ELECTION 2015: Federal candidates discuss marijuana plans

The Liberal mandate is to both decriminalize and legalize marijuana. Johnston said marijuana is a social, rather than criminal issue.

Kootenay-Columbia MP David Wilks has been a strong advocate for the continued criminalization of marijuana since being elected in 2011.

While addressing the House of Commons on June 2nd, he panned Liberal Leader Justin Trudeau for his plan to legalize marijuana if elected.

“The Liberal plan to legalize and normalize marijuana sends a message to youth that smoking marijuana is not only an acceptable activity but is one endorsed through government regulation,” Wilks said. “The Liberal leader’s policy is irresponsible. It ignores marijuana’s lasting and serious health effects.”

Wilks’ stance is to continue restricting access to marijuana. He chairs the Conservative Law Enforcement Caucus and was instrumental in proposing changes to the Controlled Drugs and Substances Act, along with Minister of Health Rona Ambrose. The proposed changes would allow the Minister of Health and law officials to more easily control new drugs, combat illegal drug production and distribution, and more effectively ensure the compliance of the controlled substance industry.

Decriminalizing marijuana would involve allowing for personal use, but continuing to police the sale and manufacturing of the drug. Legalization would lift all laws banning possession and personal use of marijuana.

Don Johnston, the Kootenay-Columbia Liberal candidate, agrees with Trudeau’s plans.

He said that, whatever happens, something needs to be done quickly about the way marijuana is handled in this country.

“There was a recent World Health Organization study that found marijuana use among teenagers is higher in Canada than any other country,” Johnston said. “What the Conservatives keep talking about is trying to keep it out of the hands of children or teenagers. The current policy is clearly failing in that one important element.”

The Liberal mandate is to both decriminalize and legalize marijuana. Johnston said marijuana is a social, rather than criminal issue.

“It is very expensive to incarcerate people, especially people who are not a risk to society,”

Johnston said.

Johnston referenced the United States as an example of change occurring around marijuana legislation that is happening nearby. Twenty three states have decriminalized marijuana and four have fully legalized it to date.

“If you had told me five years ago that the United States would be leading Canada in terms of its thinking and legislation around marijuana, I would have been stunned by the notion,” Johnston said.

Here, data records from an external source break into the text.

Lemma up_belief_0 q : up_belief 0 q = 0.
Proof. unfold up_belief. rewrite Rmult_0_r. apply Rdiv_0_l. Qed.

Lemma down_belief_1 b : down_belief b 1 = 0.
Proof. unfold down_belief. rewrite Rminus_diag, Rmult_0_l. apply Rdiv_0_l. Qed.

Lemma yf_pos b q : 0 < b <= 1 -> 1/2 <= q <= 1 -> 0 < yf b q.
Proof. intros. unfold yf. nra. Qed.

Lemma zf_pos b q : 0 <= b <= 1 -> 1/2 <= q < 1 -> 0 < zf b q.
Proof. intros. unfold zf. nra. Qed.

Lemma yf_mul_up_belief b q : 0 <= b <= 1 -> 1/2 <= q <= 1 -> yf b q * up_belief b q = q * b.
Proof.
  intros Hb Hq. destruct (Req_dec b 0) as [->|Hb0].
  - rewrite up_belief_0. ring.
  - pose proof (yf_pos b q ltac:(lra) Hq). unfold up_belief. field. lra.
Qed.

Lemma zf_mul_down_belief b q : 0 <= b <= 1 -> 1/2 <= q <= 1 ->
  zf b q * down_belief b q = (1 - q) * b.
Proof.
  intros Hb Hq. destruct (Req_dec q 1) as [->|Hq1].
  - rewrite down_belief_1. ring.
  - pose proof (zf_pos b q Hb ltac:(lra)). unfold down_belief. field. lra.
Qed.

Lemma up_belief_bounds b q : 0 <= b <= 1 -> 1/2 <= q <= 1 -> b <= up_belief b q <= 1.
Proof.
  intros Hb Hq. destruct (Req_dec b 0) as [->|Hb0].
  - rewrite up_belief_0. lra.
  - pose proof (yf_pos b q ltac:(lra) Hq). unfold up_belief, yf in *. split.
    + apply Rle_div_r; [lra|].
      assert (0 <= b * (1 - b) * (2 * q - 1)) by (repeat apply Rmult_le_pos; lra). nra.
    + apply Rle_div_l; [lra|].
      assert (0 <= (1 - b) * (1 - q)) by (apply Rmult_le_pos; lra). nra.
Qed.

Lemma down_belief_bounds b q : 0 <= b <= 1 -> 1/2 <= q <= 1 -> 0 <= down_belief b q <= b.
Proof.
  intros Hb Hq. destruct (Req_dec q 1) as [->|Hq1].
  - rewrite down_belief_1. lra.
  - pose proof (zf_pos b q Hb ltac:(lra)). unfold down_belief, zf in *. split.
    + apply Rdiv_le_0_compat; nra.
    + apply Rle_div_l; [lra|].
      assert (0 <= b * (1 - b) * (2 * q - 1)) by (repeat apply Rmult_le_pos; lra). nra.
Qed.
(* Let $p$ and $q$ be relatively prime positive integers, and let $\omega=e^{i\pi p/q}$ with $\omega\ne1$. Then $$\gamma(\omega)+\frac{\log(1-\omega)}{\omega}=\sum_{j=1}^{q}\omega^{j-1}E_{j,p,q}=\sum_{j=1}^{2q}\omega^{j-1}\log\frac{\Gamma\!\left(\frac{j+1}{2q}\right)}{\Gamma\!\left(\frac{j}{2q}\right)},$$ where $$E_{j,p,q}=\begin{cases}\log\dfrac{\Gamma\left(\frac{j+1}{q}\right)}{\Gamma\left(\frac jq\right)} & \text{if } p \text{ is even},\\[2ex] \log\dfrac{\Gamma\left(\frac{j+1}{2q}\right)\Gamma\left(\frac{j+q}{2q}\right)}{\Gamma\left(\frac{j}{2q}\right)\Gamma\left(\frac{j+q+1}{2q}\right)} & \text{if } p \text{ is odd}.\end{cases}$$
   Context: $\gamma(z)=\sum_{n=1}^{\infty} z^{n-1}\left(\frac{1}{n}-\log\frac{n+1}{n}\right)$ for $|z|\le1$. $\log$ is the principal branch ($-\pi<\mathrm{Arg}\le\pi$), and $\Gamma$ is Euler's gamma function. *)

From Stdlib Require Import Reals.
From Coquelicot Require Import Coquelicot.
Open Scope R_scope.

Definition Gamma (x : R) : R :=
  RInt_gen (fun t => Rpower t (x - 1) * exp (- t)) (at_right 0) (Rbar_locally p_infty).

Definition Arg (z : C) : R :=
  let x := fst z in let y := snd z in
  if Rlt_dec 0 x then atan (y / x)
  else if Rlt_dec x 0 then
         (if Rle_dec 0 y then atan (y / x) + PI else atan (y / x) - PI)
  else if Rlt_dec 0 y then PI / 2
  else if Rlt_dec y 0 then - (PI / 2)
  else 0.

Definition Clog (z : C) : C := (ln (Cmod z), Arg z).

Definition Cexp (z : C) : C := (exp (fst z) * cos (snd z), exp (fst z) * sin (snd z)).

(* n-th term (0-indexed, n = m - 1) of gamma(z) = sum_{m>=1} z^(m-1) (1/m - log((m+1)/m)). *)
Definition gamma_term (z : C) (n : nat) : C :=
  Cmult (pow_n z n) (RtoC (1 / INR (S n) - ln (INR (S (S n)) / INR (S n)))).

Definition E_jpq (j p q : nat) : R :=
  if Nat.even p then
    ln (Gamma (INR (j + 1) / INR q) / Gamma (INR j / INR q))
  else
    ln (Gamma (INR (j + 1) / INR (2 * q)) * Gamma (INR (j + q) / INR (2 * q))
        / (Gamma (INR j / INR (2 * q)) * Gamma (INR (j + q + 1) / INR (2 * q)))).

(** Write [w = e^{i th}] with [th = PI p / q], so that [w^(2q) = 1].  The
    coefficient of [w^k] in [gamma (w)] is [1/(k+1) - ln ((k+2)/(k+1))].  The
    first part gives the logarithmic series, whose sum [- log (1 - w) / w] is
    obtained by integrating the geometric series termwise over [[0, 1]], with
    error [O(1/N)] when [N] is a multiple of the period.  For the second part,
    let [c] be an [M]-periodic sequence of mean zero (the real or imaginary
    part of [w^k]); Gauss's product formula
    [lnGamma x = lnGamma (n+1) + x ln n - sum_(i<=n) ln (x+i) + O(1/n)],
    taken at [x = (j+1)/M] and [x = (j+2)/M], turns the block sums of
    [c_k ln ((k+2)/(k+1))] into [- sum_j c_j (lnGamma ((j+2)/M) - lnGamma ((j+1)/M))].
    The product formula follows from [Gamma (x+1) = x Gamma x] and the
    log-convexity of [Gamma], both derived from the integral.  The sums over
    [j <= q] and [j <= 2q] agree: for [p] odd, [w^q = -1] folds the longer sum
    onto the shorter one; for [p] even, [w^q = 1] and both are limits of the
    same block sums, taken with periods [q] and [2q]. *)

From Stdlib Require Import Reals Lra Lia Classical.
From Coquelicot Require Import Coquelicot.
Open Scope R_scope.

(* Sum over [k < N]; unlike [sum_n], it has an empty case. *)
Fixpoint sum_lt (f : nat -> R) (N : nat) : R :=
  match N with O => 0 | S N' => sum_lt f N' + f N' end.

Lemma sum_lt_ext f g N :
  (forall k, (k < N)%nat -> f k = g k) -> sum_lt f N = sum_lt g N.
Proof.
  induction N as [|N IH]; intros H; simpl; [reflexivity|].
  rewrite IH by (intros; apply H; lia). rewrite H by lia. reflexivity.
Qed.

Lemma sum_lt_plus f g N : sum_lt (fun k => f k + g k) N = sum_lt f N + sum_lt g N.
Proof. induction N; simpl; [ring | rewrite IHN; ring]. Qed.

Lemma sum_lt_minus f g N : sum_lt (fun k => f k - g k) N = sum_lt f N - sum_lt g N.
Proof. induction N; simpl; [ring | rewrite IHN; ring]. Qed.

NDP candidate Wayne Stetski is also in favour of decriminalizing marijuana, though his approach to changing policy around the drug is far less aggressive than Johnston’s. Stetski said he is not in support of legalizing the drug at the federal level until it is clear what effects such a policy would have.

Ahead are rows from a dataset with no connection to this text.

Lemma sum_flats_cut (A : {set V}) :
  (\sum_(Q in F) #|Q :&: A| * #|Q :\: A| = K * (#|A| * #|~: A|))%N.
Proof.
have A_neq (x y : V) : (x \in A) && (y \notin A) -> x != y.
  by case/andP=> xA; apply: contraNneq => <-.
have := sum_flats_pairs d (P := fun x y => (x \in A) && (y \notin A)) A_neq u_neq0.
have := sum_pairs_cut [set: V] A; rewrite setTI setTD.
under eq_bigr => x _ do under eq_bigr => y _ do rewrite !in_setT.
by move=> -> <-; apply: eq_bigr => Q _; rewrite sum_pairs_cut.
Qed.

Lemma card_flat_cut_halved (A Q : {set V}) : Q \in F ->
  #|Q :&: A| = (2 ^ d.-1)%N -> (#|Q :&: A| * #|Q :\: A| = 2 ^ d.-1 * 2 ^ d.-1)%N.
Proof.
move=> flatQ QA; rewrite QA; congr (_ * _).
by have := cardsID A Q; rewrite (card_flat flatQ) QA (expn2_pred (ltnW d_gt1)); lia.
Qed.

Lemma card_halved_le (A : {set V}) :
  (#|halved A| * (2 ^ d.-1 * 2 ^ d.-1) <= \sum_(Q in F) #|Q :&: A| * #|Q :\: A|)%N.
Proof.
rewrite -sum1_card big_distrl big_mkcond [leqRHS]big_mkcond /= leq_sum // => Q _.
rewrite in_set; case flatQ: (Q \in F) => //=.
by case: eqP => [/(card_flat_cut_halved flatQ) ->|]; rewrite ?mul1n.
Qed.

Lemma card_halved_parity :
  (#|halved H| * (2 ^ d.-1 * 2 ^ d.-1) = \sum_(Q in F) #|Q :&: H| * #|Q :\: H|)%N.
Proof.
rewrite -sum1_card big_distrl big_mkcond [RHS]big_mkcond /=; apply: eq_bigr => Q _.
rewrite in_set; case flatQ: (Q \in F) => //=.
case: eqP => [/(card_flat_cut_halved flatQ) ->|QH]; rewrite ?mul1n //.
by have [//|->] := flat_parity_split (ltnW d_gt1) flatQ.
Qed.

Lemma card_flats_rescaled :
  (K * (2 ^ n.-1 * 2 ^ n.-1) * (2 ^ n - 1)
   = #|F| * (2 ^ (n - d) * (2 ^ d - 1)) * (2 ^ d.-1 * 2 ^ d.-1))%N.
Proof.
have eN : (2 ^ n.-1 = 2 ^ (n - d) * 2 ^ d.-1)%N by rewrite -expnD; congr (2 ^ _)%N; lia.
have := card_flats_pairs; rewrite (expn2_pred n_gt0) (expn2_pred (ltnW d_gt1)).
exact: pair_count_rescale eN (expn_gt0 _ _).
Qed.

Lemma card_halved_le_bound (A : {set V}) :
  (#|halved A| * (2 ^ n - 1) <= #|F| * (2 ^ (n - d) * (2 ^ d - 1)))%N.
Proof.
rewrite -(@leq_pmul2r (2 ^ d.-1 * 2 ^ d.-1)) ?muln_gt0 ?expn_gt0 //.
rewrite -card_flats_rescaled mulnAC leq_mul2r; apply/orP; right.
apply: leq_trans (card_halved_le A) _; rewrite sum_flats_cut leq_mul2l; apply/orP; right.
by apply: leq_mul_half_sum; rewrite cardsC card_mx card_Fp // mul1n expn2_pred.
Qed.

Lemma card_halved_parity_eq_bound :
  (#|halved H| * (2 ^ n - 1) = #|F| * (2 ^ (n - d) * (2 ^ d - 1)))%N.
Proof.
apply/eqP; rewrite -(@eqn_pmul2r (2 ^ d.-1 * 2 ^ d.-1)) ?muln_gt0 ?expn_gt0 //.
rewrite -card_flats_rescaled mulnAC card_halved_parity sum_flats_cut.
by have [-> ->] := card_parity_set n_gt0.
Qed.

End HalvedFlats.

Lemma natr_exp2_sub1 (R : numDomainType) k : ((2 ^ k - 1)%N%:R : R) = 2 ^+ k - 1.
Proof. by rewrite natrB ?expn_gt0 // natrX. Qed.

Lemma exp2_sub1_neq0 (R : numDomainType) k : (0 < k)%N -> (2 : R) ^+ k - 1 != 0.
Proof.
by move=> k_gt0; rewrite -natr_exp2_sub1 pnatr_eq0 -lt0n exp2_sub1_gt0.
Qed.

Definition halved_density (n d : nat) : rat :=
  (2 ^ (n - d) * (2 ^ d - 1))%N%:R / (2 ^ n - 1)%N%:R.

Lemma halved_densityE n d : (d <= n)%N ->
  halved_density n d = 2 ^+ (n - d) * (2 ^+ d - 1) / (2 ^+ (n - d) * 2 ^+ d - 1).
Proof. by move=> le_dn; rewrite /halved_density natrM !natr_exp2_sub1 natrX -exprD subnK. Qed.

Lemma gbin_pred_ratio n d : (0 < d)%N -> (d <= n)%N ->
  gbin n.-1 d / gbin n d = (2 ^+ (n - d) - 1) / (2 ^+ n - 1).
Proof.
move=> d_gt0 le_dn; pose f k : rat := 2 ^+ (n - k) - 1.
have f_neq0 k : (k < n)%N -> f k != 0 by move=> lt_kn; apply: exp2_sub1_neq0; lia.
transitivity (\prod_(0 <= k < d) (f k.+1 / f k)).
  rewrite /gbin -prodf_div big_mkord; apply: eq_bigr => i _.
  have lt_in : (i < n)%N := leq_trans (ltn_ord i) le_dn.
  have -> : (n.-1 - i = n - i.+1)%N by lia.
  by rewrite /f; field; rewrite !exp2_sub1_neq0 ?subn_gt0.
rewrite telescope_prodf // => [|k /andP [_ lt_kd]]; last by apply: f_neq0; lia.
by rewrite /f subn0.
Qed.

Lemma one_sub_gbin_ratio n d : (0 < d)%N -> (d <= n)%N ->
  1 - gbin n.-1 d / gbin n d = halved_density n d.
Proof.
move=> d_gt0 le_dn; rewrite gbin_pred_ratio // halved_densityE //.
have -> : (2 : rat) ^+ n = 2 ^+ (n - d) * 2 ^+ d by rewrite -exprD subnK.
by field; rewrite -exprD subnK // exp2_sub1_neq0 //; lia.
Qed.

Lemma ler_ratio_nat (R : numFieldType) (a b c e : nat) : (0 < e)%N ->
  (a * e <= b * c)%N -> (a%:R / b%:R : R) <= c%:R / e%:R.
Proof.
move=> e_gt0 le_ae_bc; have [->|b_gt0] := posnP b.
  by rewrite invr0 mulr0 divr_ge0 ?ler0n.
rewrite ler_pdivrMr ?ltr0n // mulrAC ler_pdivlMr ?ltr0n //.
by rewrite -!natrM ler_nat (mulnC c).
Qed.

Lemma eq_ratio_nat (R : numFieldType) (a b c e : nat) : (0 < b)%N -> (0 < e)%N ->
  (a * e = b * c)%N -> (a%:R / b%:R : R) = c%:R / e%:R.
Proof.
move=> b_gt0 e_gt0 eq_ae_bc; apply/eqP.
by rewrite eqr_div ?pnatr_eq0 -?lt0n // -!natrM eq_ae_bc mulnC.
Qed.

Section Density.
Variables n d : nat.
Hypotheses (d_gt1 : (1 < d)%N) (le_dn : (d <= n)%N).

Lemma lam_le_halved_density (A : {set 'rV['F_2]_n}) :
  lam d (2 ^ d.-1) A <= halved_density n d.
Proof. by apply: ler_ratio_nat; [apply: exp2_sub1_gt0; lia | apply: card_halved_le_bound]. Qed.

Lemma lam_parity_set : lam d (2 ^ d.-1) (parity_set n) = halved_density n d.
Proof.
apply: eq_ratio_nat; [exact: flats_gt0 | apply: exp2_sub1_gt0; lia |].
exact: card_halved_parity_eq_bound.
Qed.

Lemma lamstar_halved : lamstar n d (2 ^ d.-1) = halved_density n d.
Proof.
apply/eqP; rewrite eq_le; apply/andP; split.
  apply: (big_ind (fun x => x <= halved_density n d)) => [|x y|A _].
  - by rewrite divr_ge0 ?ler0n.
  - by rewrite ge_max => -> ->.
  - exact: lam_le_halved_density.
by rewrite /lamstar (bigD1 (parity_set n)) //= le_max lam_parity_set lexx.
Qed.

Lemma halved_density_dist :
  `|halved_density n d - (1 - 2%:R ^- d)| <= ((2 ^ n - 1)%N%:R)^-1.
Proof.
have -> : ((2 ^ n - 1)%N%:R : rat) = 2 ^+ (n - d) * 2 ^+ d - 1.
  by rewrite natr_exp2_sub1 -exprD subnK.
rewrite halved_densityE //.
set X : rat := 2 ^+ (n - d); set Y : rat := 2 ^+ d.
have Y_gt1 : 1 < Y by rewrite /Y -natrX ltr1n -{1}(expn0 2) ltn_exp2l //; lia.
have Y_gt0 : 0 < Y := lt_trans ltr01 Y_gt1.
have XY_gt1 : 1 < X * Y.
  by rewrite /X /Y -exprD -natrX ltr1n -{1}(expn0 2) ltn_exp2l //; lia.
have -> : X * (Y - 1) / (X * Y - 1) - (1 - 2%:R ^- d) = (1 - Y^-1) / (X * Y - 1).
  by rewrite /Y; field; rewrite -/Y subr_eq0 !gt_eqF.
rewrite ger0_norm; last by rewrite divr_ge0 ?subr_ge0 ?invf_le1 ?ltW.
by rewrite ler_pdivrMr ?subr_gt0 // mulVf ?gt_eqF ?subr_gt0 // gerBl invr_ge0 ltW.
Qed.

End Density.

Lemma lamstar_limit_halved d : (1 < d)%N -> lamstar_limit d (2 ^ d.-1) (1 - 2%:R ^- d).
Proof.
move=> d_gt1 eps eps_gt0; have inv_ge0 : 0 <= eps^-1 by rewrite invr_ge0 ltW.
exists (Num.bound eps^-1 + d)%N => n le_Nn; have le_dn : (d <= n)%N by lia.
rewrite lamstar_halved //; apply: le_lt_trans (halved_density_dist d_gt1 le_dn) _.
rewrite -[eps]invrK ltf_pV2 ?posrE ?invr_gt0 ?ltr0n ?exp2_sub1_gt0 //; last lia.
apply: lt_le_trans (archi_boundP inv_ge0) _; rewrite ler_nat.
by have := ltn_expl n (isT : (1 < 2)%N); lia.
Qed.

Unset Implicit Arguments.
Theorem lemma3p1 (d n : nat) (hd : (1 < d)%N) (hn : (d <= n)%N) :
  (forall A : {set 'rV['F_2]_n},
      lam d (2 ^ d.-1) A <= 1 - gbin n.-1 d / gbin n d)
  /\ lam d (2 ^ d.-1) (parity_set n) = 1 - gbin n.-1 d / gbin n d
  /\ lamstar_limit d (2 ^ d.-1) (1 - 2%:R ^- d).
Proof.
rewrite one_sub_gbin_ratio //; last exact: ltnW.
split; first exact: lam_le_halved_density.
split; first exact: lam_parity_set.
exact: lamstar_limit_halved.
Qed.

“Decriminalizing at this points lets me then see how the legalization of marijuana would likely go and what the issues are around that for communities,” Stetski said. “Ultimately, it is (in) communities where you will find the impact.”

He said in the short-term decriminalization is necessary to address overpopulation in prisons.

“I do not think our court system and our jails are used effectively when you are dealing with relatively minor charges associated with marijuana,” Stetski said. “Looking at the recent decisions, our laws are currently out of step with where the Supreme Court of Canada seems to be going with their thinking.”

The Supreme Court recently made a landmark decision by concluding that consumable forms of marijuana must be allowed for patients seeking medical marijuana. This decision has already made marijuana more accessible for patients looking to use it.

Bill Green, the Green Party candidate for the Kootenay-Columbia riding, is also in favour of both legalizing and decriminalizing marijuana, in line with his party’s longtime stance. The party’s plans go beyond simply removing laws against possessing and manufacturing the drug.

“We are talking about legalizing it in general and then associating it with research and education about risks and benefits,” Green said. “We are calling for studies in a medical context so doctors can prescribe it as a drug in the regulated drug system.”

He said not enough has yet been done to fully understand the potential impacts of marijuana as a clinical drug. Moving forward, he wants to promote education around the positives and negatives associated with marijuana.

Valley residents will get to decide  their stance of marijuana in the October 19th federal election when they vote for which candidate to officially support.